Background job processing in TypeScript has been an unsolved problem for too long. Serverless functions time out. BullMQ requires Redis management. Rolling your own queue system means maintaining infrastructure that is not your core product. Trigger.dev eliminates this entire category of operational burden. This review evaluates whether it delivers on the promise of reliable background processing with zero infrastructure management.
The developer experience is where Trigger.dev truly excels. Write tasks as standard async TypeScript functions in a /trigger directory inside your existing project. Deploy via the CLI (npx trigger.dev deploy). Monitor everything through a visual dashboard with full trace views. The entire workflow — from writing a task to watching it execute in production — takes under 10 minutes for a first-time user. No Kubernetes, no Redis, no separate deployment pipeline.

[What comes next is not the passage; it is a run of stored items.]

Definition duality_rhs (r : ((I + I) + (J + J)) + 'I_1) : R :=
  match r with
  | inl (inl (inl i)) => b i
  | inl (inr (inl j)) => c j
  | inl (inr (inr j)) => - c j
  | _ => 0
  end.

Lemma duality_system_solution (x : J + I -> R) :
  (forall r, \sum_w duality_row r w * x w <= duality_rhs r) ->
  lp_optimal_pair (x \o inl) (x \o inr).
Proof.
move=> sol.
have row r : \sum_j duality_row r (inl j) * x (inl j)
    + \sum_i duality_row r (inr i) * x (inr i) <= duality_rhs r.
  by have := sol r; rewrite big_sumType.
split.
- move=> i; have := row (inl (inl (inl i))).
  by rewrite /= sum_mul0r addr0.
- split=> [i|j].
    have := row (inl (inl (inr i))); rewrite /= sum_mul0r add0r.
    by under eq_bigr do rewrite mulNr; rewrite sumrN sum_delta_l oppr_le0.
  apply: le_anti; have := row (inl (inr (inl j))); have := row (inl (inr (inr j))).
  rewrite /= !sum_mul0r !add0r.
  under eq_bigr do rewrite mulNr; rewrite sumrN lerN2 => ge le.
  by under eq_bigr do rewrite mulrC; rewrite le ge.
- have := row (inr ord0); rewrite /=.
  under eq_bigr do rewrite mulNr; rewrite sumrN.
  under [X in _ + X <= _]eq_bigr do rewrite mulrC.
  by rewrite addrC subr_le0.
Qed.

The no-timeout guarantee changes what is possible in background processing. Traditional serverless platforms limit function execution to 10 seconds, 60 seconds, or at most a few minutes. Trigger.dev tasks run indefinitely. Video transcoding that takes 30 minutes? AI agent loops that iterate for hours? Multi-day email sequences? All supported without workarounds. When tasks wait (for external callbacks, timers, or human approval), the process is checkpointed and does not consume compute.
Runtime flexibility sets Trigger.dev apart from simpler background job tools. Tasks can install and use system packages, run Python scripts, execute FFmpeg for video processing, launch headless browsers, and access any Node.js SDK. Configurable machine sizes (from micro to large-8x) let you match compute resources to task requirements. This is not just a TypeScript function runner — it is a configurable execution environment.
The AI workflow capabilities are recent but already production-ready. MCP server support enables building AI agent infrastructure with tool calling. Human-in-the-loop patterns let tasks pause for human approval or feedback before continuing. Streaming response support sends AI generation results to frontends in real-time. These features position Trigger.dev as infrastructure specifically designed for the AI agent era, not just traditional background jobs.
Observability through the dashboard is excellent. Every task run shows a full trace view with step-level timing, input/output data, retry attempts, and error details. You can filter runs by status (completed, failed, queued, running), search by payload content, and replay failed runs with one click. The observability is comparable to what you would get from a custom Datadog integration but built in and focused on task execution patterns.
Pricing is transparent and developer-friendly. The free tier includes $5/month of usage with 10 concurrent runs — sufficient for development and light production use. Compute charges are per-second based on machine size, with a small per-run invocation fee. The Hobby plan at $10/month and Pro at $50/month add staging environments, more concurrent runs, and dedicated Slack support. Self-hosting via Kubernetes is fully supported with official Helm charts.